Hindes v. United States

214 F. Supp. 583 | W.D. Tex. | 1963

SPEARS, Chief Judge.

FINDINGS OF FACT

1. Plaintiffs in the action are husband and wife, however, all relevant transactions involve only Mr. Hindes, and he will be referred to herein as the plaintiff or “Hindes”.

2. Beginning in the spring of 1957, plaintiff entered into negotiations for the sale of his ranch to a Mr. Sechrist.

3. Negotiations were consummated with a written earnest money contract, or contract of sale, on April 18, 1957, whereby Hindes agreed to sell and Se-christ agreed to buy plaintiff’s farm for a cash consideration of $300,000.

4. Prior to the execution of the contract of sale, Hindes conferred with his attorney, Mr. Muckleroy McDonnold, concerning the sale of the farm, and inquired about the tax consequences. Mc-Donnold at that time told Hindes that an installment sale to Sechrist would result in a considerably lower tax. Nevertheless, Sechrist wanted to pay cash, and the said contract of sale was entered into on that basis by Hindes with Sechrist. McDonnold was not advised of the execution of the contract of sale until some time later.

5. In view of Sechrist’s insistence upon making a cash payment, McDonnold suggested that a corporation be set up, that plaintiff sell his farm to the corporation on an installment basis and then the corporation would sell to Sechrist for cash. Sechrist was approached by plaintiff and McDonnold and agreed to take title from a corporation rather than plaintiff, upon the promise of McDonnold to sell him the property in question for the same consideration of $300,000 in cash.

6. On May 17, 1957, the Tower Farm & Cattle Company, Inc., was chartered under the laws of the state of Texas. The incorporators were plaintiff’s mother and father and Mr. McDonnold, his attorney.

7. On June 12, 1957, plaintiff made an installment sale of his farm to Tower *584Farm & Cattle Company for $265,000. Under the terms of the sale, plaintiff was to receive approximately $20,000 in cash with the balance of the purchase price to be paid over a period of years. Plaintiff did not retain a deed of trust or lien of any kind to secure the unpaid balance of the purchase price.

8. On or about July 11, 1957, Tower Farm & Cattle Company deeded the farm to Sechrist for $300,000 cash. At the time of the conveyance, there was a $58,-000 first mortgage on the farm which mortgage was paid off, leaving a net to the corporation of $242,000. The corporation also paid a real estate commission of $15,000 and the first installment on plaintiff’s note of $20,000.

9. Six days after the corporation’s sale to Sechrist, the corporation made an unsecured 4'% loan to plaintiff in the amount of $200,000. The note evidencing the loan merely recited that plaintiff was to pay the balance of the loan within five years with interest payable annually. The note contained no provision for foreclosure, acceleration, attorney’s fees in case of default or any other provisions customarily included in promissory notes.
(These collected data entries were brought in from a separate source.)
(* Let $x\in[0,1)$ be rational, written in binary as $x=0.\alpha_1\alpha_2\alpha_3\ldots$ (choosing the expansion that does not end in infinitely many $1$'s). Define the walk $P_0=(0,0)$, $P_i=P_{i-1}+(1,0)$ if $\alpha_i=1$ and $P_i=P_{i-1}+(0,1)$ if $\alpha_i=0$. Let $X_i=1$ if $\gcd$ of the coordinates of $P_i$ equals $1$ and $X_i=0$ otherwise, and $\overline S_n(x)=\frac{X_1+\cdots+X_n}{n}$. Then $\lim_{n\to\infty}\overline S_n(x)$ exists and is a rational number. *)

From Stdlib Require Import Reals Arith ZArith.
Open Scope R_scope.

(* i-th binary digit alpha_i (i >= 1) of x in [0,1):
   alpha_i = floor(2^i x) mod 2. This is exactly the expansion that does
   not end in infinitely many 1's. Int_part is the floor function. *)
Definition alpha (x : R) (i : nat) : bool := Z.odd (Int_part (2 ^ i * x)).

Fixpoint walk (x : R) (n : nat) : nat * nat :=
  match n with
  | O => (0%nat, 0%nat)
  | S m => let (a, b) := walk x m in
           if alpha x (S m) then (S a, b) else (a, S b)
  end.

Definition Xi (x : R) (i : nat) : nat :=
  if Nat.eqb (Nat.gcd (fst (walk x i)) (snd (walk x i))) 1 then 1%nat else 0%nat.

Fixpoint sumX (x : R) (n : nat) : nat :=
  match n with
  | O => 0%nat
  | S m => (sumX x m + Xi x (S m))%nat
  end.

Definition Sbar (x : R) (n : nat) : R := INR (sumX x n) / INR n.

(* The binary digits of a rational number are eventually periodic, say with
   period T from N on.  From then on the walk advances by a fixed vector (a, b),
   a + b = T, every T steps, so along each residue class j mod T it runs on the
   line P_(N+j) + m (a, b).  On a line u + m a, v + m b every common divisor of
   the coordinates divides the invariant |b u - a v|, so coprimality is periodic
   in m with that period; if the invariant vanishes the points are multiples of
   (a, b) and are not primitive for m >= 2.  Hence X_i is eventually periodic,
   and the Cesaro means of an eventually periodic integer sequence converge to
   its average over one period, which is rational. *)

From Stdlib Require Import Reals Arith ZArith List Lia Lra Classical.
Open Scope nat_scope.

Definition eventually_periodic {A : Type} (u : nat -> A) (K T : nat) : Prop :=
  forall n, K <= n -> u (n + T) = u n.

Lemma eventually_periodic_mul {A : Type} (u : nat -> A) K T k :
  eventually_periodic u K T -> eventually_periodic u K (k * T).
Proof.
  intros Hu n Hn; induction k as [|k IH]; simpl; [now rewrite Nat.add_0_r|].
  replace (n + (T + k * T)) with (n + k * T + T) by lia.
  rewrite Hu by lia; exact IH.
Qed.

Lemma common_eventual_period {A : Type} (g : nat -> nat -> A) K n :
  (forall j, j < n -> exists T, 0 < T /\ eventually_periodic (g j) K T) ->
  exists T, 0 < T /\ forall j, j < n -> eventually_periodic (g j) K T.
Proof.
  induction n as [|n IH]; intros Hg.
  - exists 1; split; [lia|]; intros j Hj; lia.
  - destruct IH as [T1 [HT1 Hper1]]; [intros j Hj; apply Hg; lia|].
    destruct (Hg n) as [T2 [HT2 Hper2]]; [lia|].
    exists (T1 * T2); split; [nia|]; intros j Hj.
    destruct (Nat.eq_dec j n) as [->|Hne].
    + now apply eventually_periodic_mul.
    + rewrite Nat.mul_comm; apply eventually_periodic_mul, Hper1; lia.
Qed.

Lemma pigeonhole (f : nat -> nat) q :
  (forall i, i <= q -> f i < q) -> exists i j, i < j <= q /\ f i = f j.
Proof.
  intros Hf; apply NNPP; intros Hno.
  assert (Hnodup : NoDup (map f (seq 0 (S q)))).
  { apply NoDup_map_NoDup_ForallPairs; [|apply seq_NoDup].
    intros i j Hi Hj Hij; apply in_seq in Hi, Hj.
    destruct (lt_eq_lt_dec i j) as [[Hlt|]|Hlt]; [|easy|];
      exfalso; apply Hno; [exists i, j|exists j, i]; split; auto; lia. }
  apply NoDup_incl_length with (l' := seq 0 q) in Hnodup.
  - rewrite length_map, !length_seq in Hnodup; lia.
  - intros y Hy; apply in_map_iff in Hy as [i [<- Hi]]; apply in_seq in Hi.
    apply in_seq; specialize (Hf i); lia.
Qed.

Lemma recurrence_eventually_periodic (g : Z -> Z) (r : nat -> Z) (q : Z) :
  (forall i, r (S i) = g (r i)) -> (forall i, (0 <= r i < q)%Z) ->
  exists N T, 0 < T /\ eventually_periodic r N T.
Proof.
  intros Hrec Hbound.
  destruct (pigeonhole (fun i => Z.to_nat (r i)) (Z.to_nat q)) as [i [j [Hij Heq]]].
  { intros i _; specialize (Hbound i); lia. }
  assert (Hshift : forall k, r (i + k) = r (j + k)).
  { induction k as [|k IH].
    - rewrite !Nat.add_0_r; pose proof (Hbound i); pose proof (Hbound j); lia.
    - rewrite <- !plus_n_Sm, !Hrec, IH; reflexivity. }
  exists i, (j - i); split; [lia|]; intros n Hn.
  replace (n + (j - i)) with (j + (n - i)) by lia.
  rewrite <- Hshift; f_equal; lia.
Qed.

Fixpoint partial_sum (u : nat -> nat) (n : nat) : nat :=
  match n with
  | O => 0
  | S m => partial_sum u m + u (S m)
  end.

Lemma partial_sum_le_add u n k : partial_sum u n <= partial_sum u (n + k).
Proof. induction k as [|k IH]; [rewrite Nat.add_0_r|rewrite <- plus_n_Sm; simpl]; lia. Qed.

Section PeriodicSums.

Variables (u : nat -> nat) (K T : nat).
Hypothesis Hper : eventually_periodic u K T.

Let c := partial_sum u (K + T) - partial_sum u K.

Lemma partial_sum_add_period n : K <= n -> partial_sum u (n + T) = partial_sum u n + c.
Proof.
  intros Hn; replace n with (K + (n - K)) by lia; generalize (n - K) as d.
  induction d as [|d IH].
  - rewrite Nat.add_0_r; pose proof (partial_sum_le_add u K T); unfold c; lia.
  - replace (K + S d + T) with (S (K + d + T)) by lia.
    replace (K + S d) with (S (K + d)) by lia; simpl.
    replace (S (K + d + T)) with (S (K + d) + T) by lia.
    rewrite Hper, IH by lia; lia.
Qed.

Lemma partial_sum_add_periods n m : K <= n -> partial_sum u (n + m * T) = partial_sum u n + m * c.
Proof.
  intros Hn; induction m as [|m IH]; [simpl; rewrite Nat.add_0_r; lia|].
  replace (n + S m * T) with (n + m * T + T) by lia.
  rewrite partial_sum_add_period, IH by lia; simpl; lia.
Qed.

End PeriodicSums.

Definition absdiff (m n : nat) : nat := (m - n) + (n - m).

Lemma absdiff_add_r m n k : absdiff (m + k) (n + k) = absdiff m n.
Proof. unfold absdiff; lia. Qed.

Lemma divide_absdiff g m n : Nat.divide g m -> Nat.divide g n -> Nat.divide g (absdiff m n).
Proof. intros Hm Hn; apply Nat.divide_add_r; apply Nat.divide_sub_r; assumption. Qed.

Lemma gcd_add_mul_shift (X Y a b M : nat) :
  Nat.divide (absdiff (b * X) (a * Y)) M ->
  Nat.gcd (X + M * a) (Y + M * b) = Nat.gcd X Y.
Proof.
  intros HM.
  assert (Hdet : forall g U V, Nat.divide g U -> Nat.divide g V ->
                 absdiff (b * U) (a * V) = absdiff (b * X) (a * Y) -> Nat.divide g M).
  { intros g U V HU HV Heq; apply (Nat.divide_trans _ (absdiff (b * X) (a * Y))); [|exact HM].
    rewrite <- Heq; apply divide_absdiff; apply Nat.divide_mul_r; assumption. }
  apply Nat.gcd_unique_alt; intros g; split.
  - intros Hg.
    assert (HX : Nat.divide g X) by (eapply Nat.divide_trans; [exact Hg|apply Nat.gcd_divide_l]).
    assert (HY : Nat.divide g Y) by (eapply Nat.divide_trans; [exact Hg|apply Nat.gcd_divide_r]).
    assert (HgM : Nat.divide g M) by (apply (Hdet g X Y HX HY); reflexivity).
    split; apply Nat.divide_add_r; auto; apply Nat.divide_mul_l; exact HgM.
  - intros [HX HY].
    assert (HgM : Nat.divide g M).
    { apply (Hdet g _ _ HX HY).
      replace (b * (X + M * a)) with (b * X + M * a * b) by ring.
      replace (a * (Y + M * b)) with (a * Y + M * a * b) by ring.
      apply absdiff_add_r. }
    apply Nat.gcd_greatest;
      [apply (Nat.divide_add_cancel_r _ (M * a))|apply (Nat.divide_add_cancel_r _ (M * b))];
      try (apply Nat.divide_mul_l; exact HgM); rewrite Nat.add_comm; assumption.
Qed.

Lemma coprime_proportional_le (X Y a b : nat) :
  b * X = a * Y -> 0 < a + b -> Nat.gcd X Y = 1 -> X + Y <= a + b.
Proof.
  intros Hprop Hab Hcop.
  assert (HXa : Nat.divide X a).
  { apply (Nat.gauss X Y a); [exists b; lia|exact Hcop]. }
  assert (HYb : Nat.divide Y b).
  { apply (Nat.gauss Y X b); [exists a; lia|now rewrite Nat.gcd_comm]. }
  destruct (Nat.eq_dec a 0) as [Ha|Ha]; destruct (Nat.eq_dec b 0) as [Hb|Hb];
    try lia.
  - apply Nat.divide_pos_le in HYb; nia.
  - apply Nat.divide_pos_le in HXa; nia.
  - apply Nat.divide_pos_le in HXa; apply Nat.divide_pos_le in HYb; lia.
Qed.

Lemma coprime_on_line_eventually_periodic (u v a b : nat) : 0 < a + b ->
  exists M, 0 < M /\
    eventually_periodic (fun m => Nat.eqb (Nat.gcd (u + m * a) (v + m * b)) 1) 2 M.
Proof.
  intros Hab.
  destruct (Nat.eq_dec (absdiff (b * u) (a * v)) 0) as [Hdeg|Hdet].
  - assert (Hnot_coprime : forall m, 2 <= m -> Nat.gcd (u + m * a) (v + m * b) <> 1).
    { intros m Hm Hcop.
      apply (coprime_proportional_le _ _ a b) in Hcop; [nia|unfold absdiff in Hdeg; nia|exact Hab]. }
    exists 1; split; [lia|]; intros m Hm.
    rewrite (proj2 (Nat.eqb_neq _ _) (Hnot_coprime m Hm)).
    rewrite (proj2 (Nat.eqb_neq _ _) (Hnot_coprime (m + 1) ltac:(lia))); reflexivity.
  - exists (absdiff (b * u) (a * v)); split; [lia|]; intros m Hm; cbv beta.
    rewrite !Nat.mul_add_distr_r, !Nat.add_assoc, gcd_add_mul_shift; [reflexivity|].
    replace (b * (u + m * a)) with (b * u + m * a * b) by ring.
    replace (a * (v + m * b)) with (a * v + m * a * b) by ring.
    rewrite absdiff_add_r; apply Nat.divide_refl.
Qed.

Lemma walk_psum x n :
  walk x n = (partial_sum (fun i => Nat.b2n (alpha x i)) n,
              partial_sum (fun i => Nat.b2n (negb (alpha x i))) n).
Proof.
  induction n as [|n IH]; [reflexivity|]; simpl; rewrite IH.
  destruct (alpha x (S n)); simpl; f_equal; lia.
Qed.

Lemma partial_sum_b2n_negb (f : nat -> bool) n :
  partial_sum (fun i => Nat.b2n (f i)) n + partial_sum (fun i => Nat.b2n (negb (f i))) n = n.
Proof. induction n as [|n IH]; [reflexivity|]; simpl; destruct (f (S n)); simpl; lia. Qed.

Lemma sumX_partial_sum x n : sumX x n = partial_sum (Xi x) n.
Proof. induction n as [|n IH]; simpl; congruence. Qed.

Section WalkOnLines.

Variables (x : R) (N T : nat).
Hypotheses (HT : 0 < T) (Hper : eventually_periodic (alpha x) N T).

Let ones i := Nat.b2n (alpha x i).
Let zeros i := Nat.b2n (negb (alpha x i)).
Let a := partial_sum ones (N + T) - partial_sum ones N.
Let b := partial_sum zeros (N + T) - partial_sum zeros N.

Lemma period_digit_counts_sum : a + b = T.
Proof.
  pose proof (partial_sum_b2n_negb (alpha x) N); pose proof (partial_sum_b2n_negb (alpha x) (N + T)).
  pose proof (partial_sum_le_add ones N T); pose proof (partial_sum_le_add zeros N T).
  unfold a, b, ones, zeros in *; lia.
Qed.

Lemma walk_on_line j m :
  walk x (N + j + m * T) = (partial_sum ones (N + j) + m * a, partial_sum zeros (N + j) + m * b).
Proof.
  assert (Hones : eventually_periodic ones N T)
    by (intros n Hn; unfold ones; now rewrite Hper).
  assert (Hzeros : eventually_periodic zeros N T)
    by (intros n Hn; unfold zeros; now rewrite Hper).
  rewrite walk_psum; fold ones zeros.
  rewrite (partial_sum_add_periods ones N T Hones), (partial_sum_add_periods zeros N T Hzeros) by lia.
  reflexivity.
Qed.

Lemma Xi_eventually_periodic : exists P, 0 < P /\ eventually_periodic (Xi x) (N + 2 * T) P.
Proof.
  destruct (common_eventual_period
              (fun j m => Nat.eqb (Nat.gcd (partial_sum ones (N + j) + m * a)
                                           (partial_sum zeros (N + j) + m * b)) 1) 2 T)
    as [M [HM Hline]].
  { intros j _; apply coprime_on_line_eventually_periodic; pose proof period_digit_counts_sum; lia. }
  exists (M * T); split; [nia|]; intros i Hi.
  set (j := (i - N) mod T); set (m := (i - N) / T).
  assert (Hj : j < T) by (apply Nat.mod_upper_bound; lia).
  assert (Hi' : i = N + j + m * T) by (pose proof (Nat.div_mod_eq (i - N) T); unfold j, m; lia).
  assert (Hm : 2 <= m) by nia.
  replace (i + M * T) with (N + j + (m + M) * T) by (rewrite Hi'; ring).
  pose proof (Hline j Hj m Hm) as Hjm; cbv beta in Hjm.
  rewrite Hi'; unfold Xi; rewrite !walk_on_line; simpl; now rewrite Hjm.
Qed.

End WalkOnLines.

Lemma Int_part_IZR_div (p q : Z) : (0 < q)%Z -> Int_part (IZR p / IZR q) = (p / q)%Z.
Proof.
  intros Hq; symmetry; apply Int_part_spec.
  assert (Hqr : (0 < IZR q)%R) by now apply IZR_lt.
  assert (Hy : (IZR p / IZR q * IZR q = IZR p)%R) by (field; lra).
  assert (Hdiv := Z.div_mod p q ltac:(lia)).
  assert (Hmod := Z.mod_pos_bound p q Hq).
  assert (Hlo : (IZR q * IZR (p / q) <= IZR p)%R)
    by (rewrite <- mult_IZR; apply IZR_le; lia).
  assert (Hhi : (IZR p < IZR q * IZR (p / q) + IZR q)%R)
    by (rewrite <- mult_IZR, <- plus_IZR; apply IZR_lt; lia).
  set (y := (IZR p / IZR q)%R) in *; nra.
Qed.

Lemma Zodd_double_div_mod (n q : Z) : (0 < q)%Z ->
  Z.odd (2 * n / q) = Z.odd (2 * (n mod q) / q).
Proof.
  intros Hq.
  rewrite (Z.div_mod n q) at 1 by lia.
  replace (2 * (q * (n / q) + n mod q))%Z with (2 * (n / q) * q + 2 * (n mod q))%Z by ring.
  rewrite Z.div_add_l by lia.
  rewrite Z.odd_add, Z.odd_mul; reflexivity.
Qed.

Section RationalDigits.

Variables (x : R) (p : Z) (q : nat).
Hypotheses (Hq : 0 < q) (Hx : x = (IZR p / INR q)%R).

Lemma alpha_rational i : alpha x i = Z.odd (2 ^ Z.of_nat i * p / Z.of_nat q).
Proof.
  unfold alpha; rewrite <- Int_part_IZR_div by lia; do 2 f_equal.
  rewrite Hx, INR_IZR_INZ, mult_IZR, <- pow_IZR; simpl (IZR 2); field.
  apply not_0_IZR; lia.
Qed.

Let remainder i := (2 ^ Z.of_nat i * p mod Z.of_nat q)%Z.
10. The $200,000 loan left the corporation with little or no cash. In fact, it was necessary for plaintiff to make an early payment so that the corporation could pay its taxes.

11. Tower Farm & Cattle Company was incorporated for the sole purpose of acting as a conduit through which plaintiff could sell his farm to Sechrist for cash and still receive the tax benefits of an installment sale.

12. The agreement between Hindes and McDonnold on the one hand and Sechrist on the other with respect to the contract of sale contemplated that the property involved would be transferred by Hindes to Tower Farm & Cattle Company and by that company to Sechrist.

CONCLUSIONS OF LAW

1. Tower Farm & Cattle Company had no business purpose other than to act as a conduit through which plaintiff could pass title to his farm, thereby converting a cash sale already made into an installment sale. The substance of the transaction was a sale by plaintiff to Sechrist. Commissioner v. Court Holding Co., 324 U.S. 331, 65 S.Ct. 707, 89 L.Ed. 981 (1945); See Weeks v. Sibley, 269 F. 155 (N.D.Texas, 1920).

2. The agreement between Hindes and McDonnold on the one hand and Se-christ on the other with respect to the contract of sale did not constitute such a cancellation or release thereof as would give Hindes the legal right to sell the property to anyone he desired.

3. An order will be entered granting defendant’s cross motion for summary judgment.